Which between random forest or extra tree is best in a unbalance dataset?



I have an unbalanced dataset, with 3 classes, with 60% of class 1, 38% of class 2, and 2% of class 3.

I don't want to generate more examples of class 3, and I cannot get more examples of class 3.

The problem is that I need to choose between RandomForest, and ExtraTree (this is homework), and explain why I choose one of these.

So I choose the Random Forest classifier, but I am not sure if my assumptions are right or no.

I choose that, because, the split of extra tree is random, so the probabilities of the pick some examples of class 3 are low, and because I think (this is the real question) that because Random is more high-variance than Extra tree, can be more useful because the high variance can help with the dataset is unbalance.
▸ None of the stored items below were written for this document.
(* Let $U$ take values in a finite set $\mathcal{U}$ with $|\mathcal{U}|=L\ge2$ and let $Q$ take values in a finite alphabet. Then \[K^{(L)}(U|Q)\le1-\frac{2}{L-1}P_e^{(L)}(U|Q).\]
   Context: With $P_Q$ and $P_{U|Q}$ the marginal and conditional laws: $K^{(L)}(U|Q)=\sum_q\sum_{u'\ne u}\frac{P_Q(q)}{L-1}\cdot\frac{|P_{U|Q}(u|q)-P_{U|Q}(u'|q)|}{2}$, where the inner sum ranges over ordered pairs $(u,u')\in\mathcal{U}^2$ with $u'\ne u$; and $P_e^{(L)}(U|Q)=\sum_qP_Q(q)\big(1-\max_uP_{U|Q}(u|q)\big)$. *)

From HB Require Import structures.
From mathcomp Require Import all_boot all_order all_algebra.
Set Implicit Arguments. Unset Strict Implicit. Unset Printing Implicit Defensive.
Import Order.TTheory GRing.Theory Num.Theory.
Local Open Scope ring_scope.

Definition is_joint_pmf (R : realFieldType) (U Q : finType) (P : U -> Q -> R) :=
  (forall u q, 0 <= P u q) /\ \sum_(u : U) \sum_(q : Q) P u q = 1.

Definition PQ (R : realFieldType) (U Q : finType) (P : U -> Q -> R) (q : Q) : R :=
  \sum_(u : U) P u q.

(* conditional law of U given Q (set to 0 when P_Q(q) = 0; such q carry
   weight P_Q(q) = 0 in every formula below) *)
Definition PUgQ (R : realFieldType) (U Q : finType) (P : U -> Q -> R) (u : U) (q : Q) : R :=
  P u q / PQ P q.

Definition KL (R : realFieldType) (U Q : finType) (P : U -> Q -> R) : R :=
  \sum_(q : Q) \sum_(u : U) \sum_(u' : U | u' != u)
     (PQ P q / (#|U|%:R - 1)) * (`|PUgQ P u q - PUgQ P u' q| / 2).

(* P_e^{(L)}(U|Q); the max of the (nonnegative) conditional probabilities
   is taken as \big[Num.max/0] over the nonempty set U *)
Definition PeL (R : realFieldType) (U Q : finType) (P : U -> Q -> R) : R :=
  \sum_(q : Q) PQ P q * (1 - \big[Num.max/0]_(u : U) PUgQ P u q).

(* For a probability vector c on a set of L points, |a - b| / 2 = (a + b) / 2 - min(a, b).
   Summed over the L (L - 1) ordered pairs, the (a + b) / 2 terms contribute exactly L - 1,
   while the 2 (L - 1) pairs containing a maximizer m of c already contribute
   2 (1 - c m) to the sum of the minima. Hence the pairwise half-distances sum to at
   most L - 1 - 2 (1 - max c); weighting by P_Q(q) / (L - 1) and summing over q gives
   the bound. *)

From mathcomp Require Import all_boot all_order all_algebra.
From mathcomp Require Import ring lra.
Import Order.TTheory GRing.Theory Num.Theory.
Local Open Scope ring_scope.

Lemma half_distrE (R : realFieldType) (a b : R) :
  `|a - b| / 2 = (a + b) / 2 - Num.min a b.
Proof.
have [le_ab|lt_ba] := leP a b.
- by rewrite ler0_norm ?subr_le0 //; lra.
- by rewrite gtr0_norm ?subr_gt0 //; lra.
Qed.

Section PairwiseHalfDistances.

Context {R : realFieldType} {U : finType} {c : U -> R}.
Hypotheses (c_ge0 : forall u, 0 <= c u) (c_sum1 : \sum_u c u = 1).

Lemma sum_pmf_neq (u : U) : \sum_(v | v != u) c v = 1 - c u.
Proof. by rewrite -c_sum1 [in RHS](bigD1 u) //=; ring. Qed.

Lemma sum_pairs_mean :
  \sum_u \sum_(v | v != u) (c u + c v) / 2 = #|U|%:R - 1.
Proof.
have row_sum u : \sum_(v | v != u) (c u + c v) / 2 = ((#|U|%:R - 2) * c u + 1) / 2.
  rewrite -mulr_suml big_split /= sumr_const sum_pmf_neq cardC1 -mulr_natr.
  have U_gt0 : (0 < #|U|)%N by apply/card_gt0P; exists u.
  have -> : #|U|%:R = #|U|.-1%:R + 1 :> R by rewrite -[in LHS](prednK U_gt0) -natr1.
  lra.
rewrite (eq_bigr _ (fun u _ => row_sum u)) -mulr_suml big_split /=.
rewrite sumr_const -mulr_sumr c_sum1 (eq_card (fun=> erefl) : #|xpredT| = #|U|).
lra.
Qed.

Lemma sum_pairs_min_ge (m : U) : (forall u, c u <= c m) ->
  2 * (1 - c m) <= \sum_u \sum_(v | v != u) Num.min (c u) (c v).
Proof.
move=> c_le_m; rewrite (bigD1 m) //=.
have row_m : \sum_(v | v != m) Num.min (c m) (c v) = 1 - c m.
  by rewrite -sum_pmf_neq; apply: eq_bigr => v _; rewrite min_r.
have col_m : 1 - c m <= \sum_(u | u != m) \sum_(v | v != u) Num.min (c u) (c v).
  rewrite -sum_pmf_neq; apply: ler_sum => u u_neq_m.
  rewrite (bigD1 m) 1?eq_sym //= min_l // lerDl.
  by apply: sumr_ge0 => v _; rewrite le_min !c_ge0.
lra.
Qed.

Lemma sum_pairs_half_dist_le :
  \sum_u \sum_(v | v != u) `|c u - c v| / 2
    <= (#|U|%:R - 1) - 2 * (1 - \big[Num.max/0]_u c u).
Proof.
have [j _] : exists j : U, true.
  case: (pickP (fun _ : U => true)) => [j _|U0]; first by exists j.
  by move: c_sum1; rewrite big_pred0 // => /eqP; rewrite eq_sym oner_eq0.
have [m _ max_m] := @eq_bigmax _ _ U 0 j xpredT c isT (fun u _ => c_ge0 u).
have c_le_m u : c u <= c m by rewrite -max_m; apply: le_bigmax.
under eq_bigr => u _ do under eq_bigr => v _ do rewrite half_distrE.
under eq_bigr => u _ do rewrite sumrB.
rewrite sumrB sum_pairs_mean max_m.
by have := sum_pairs_min_ge m c_le_m; lra.
Qed.

End PairwiseHalfDistances.

Section ConditionalLaw.

Context {R : realFieldType} {U Q : finType} {P : U -> Q -> R}.
Hypothesis P_pmf : is_joint_pmf P.

Lemma PQ_ge0 (q : Q) : 0 <= PQ P q.
Proof. by apply: sumr_ge0 => u _; case: P_pmf. Qed.

Lemma sum_PQ : \sum_q PQ P q = 1.
Proof. by rewrite /PQ exchange_big; case: P_pmf. Qed.

Lemma PUgQ_ge0 (u : U) (q : Q) : 0 <= PUgQ P u q.
Proof. by apply: divr_ge0; [case: P_pmf | exact: PQ_ge0]. Qed.

Lemma sum_PUgQ (q : Q) : PQ P q != 0 -> \sum_u PUgQ P u q = 1.
Proof. by move=> PQ_neq0; rewrite /PUgQ -mulr_suml divff. Qed.

End ConditionalLaw.

Theorem lemma10 (R : realFieldType) (U Q : finType) (P : U -> Q -> R) :
  is_joint_pmf P -> (2 <= #|U|)%N ->
  KL P <= 1 - 2 / (#|U|%:R - 1) * PeL P.
Proof.
move=> P_pmf U_ge2.
have L1_gt0 : 0 < #|U|%:R - 1 :> R by rewrite subr_gt0 ltr1n.
rewrite /KL /PeL -[X in _ <= X - _](sum_PQ P_pmf) mulr_sumr -sumrB; apply: ler_sum => q _.
under eq_bigr do rewrite -mulr_sumr; rewrite -mulr_sumr.
have [PQ_eq0|PQ_neq0] := eqVneq (PQ P q) 0.
  by rewrite PQ_eq0 !mul0r mulr0 subrr.
have weight_ge0 : 0 <= PQ P q / (#|U|%:R - 1).
  by rewrite divr_ge0 ?PQ_ge0 ?ltW.
apply: le_trans (ler_wpM2l weight_ge0 (sum_pairs_half_dist_le
  (PUgQ_ge0 P_pmf ^~ q) (sum_PUgQ q PQ_neq0))) _.
by rewrite le_eqVlt predU1l //; field; rewrite lt0r_neq0.
Qed.
Theorem lemma5 (T : finType) (e : rel T) (esym : symmetric e) (eirr : irreflexive e)
  (X : {set T}) (k : int)
  (Hpf : pseudoforest e (~: X))
  (H1 : forall v, v \in X -> conf e (~: X) [set v] < #|X|)
  (H2 : forall u v, u \in X -> v \in X -> u != v -> ~~ e u v ->
          conf e (~: X) [set u; v] < #|X|)
  (H3 : forall u v w, u \in X -> v \in X -> w \in X ->
          u != v -> u != w -> v != w -> indep e [set u; v; w] ->
          #|X| <= conf e (~: X) [set u; v; w] ->
          exists Q, anchor_triangle e X Q /\ nbhd e Q = [set u; v; w])
  (P : {set T}) (HP : component e (~: X) P)
  (HPnr : ~ nonredundant_anchor_triangle e X P)
  (HPc : forall Xp, chunk e X Xp -> conf e P Xp = 0) :
  (exists I : {set T}, indep e I /\ (k <= (#|I|)%:Z)%R) <->
  (exists I : {set T}, I \subset ~: P /\ indep e I /\
                       (k - (alpha e P)%:Z <= (#|I|)%:Z)%R).
Proof.
split=> [[I [iI leI]]|[I [sIP [iI leI]]]].
  exists (I :\: P); split; first by rewrite setDE subsetIr.
  split; first exact: indepS (subsetDl _ _) iI.
  have := leq_card_alpha (subsetIr I P) (indepS (subsetIl I P) iI).
  by have := cardsID P I; lia.
have [J iJ leJ] := extend_indep esym eirr Hpf H1 H2 H3 HP HPnr HPc sIP iI.
by exists J; split => //; lia.
Qed.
So are this two assumption especially the last one, correct? I choose correctly random forest over extra tree?



Posted 2020-06-21T20:08:29.803

Reputation: 317



Both Random Forest Classifier and Extra Trees randomly sample the features at each split point, but because Random Forest is greedy it will try to find the optimal split point at each node whereas Extra trees selects the split point randomly.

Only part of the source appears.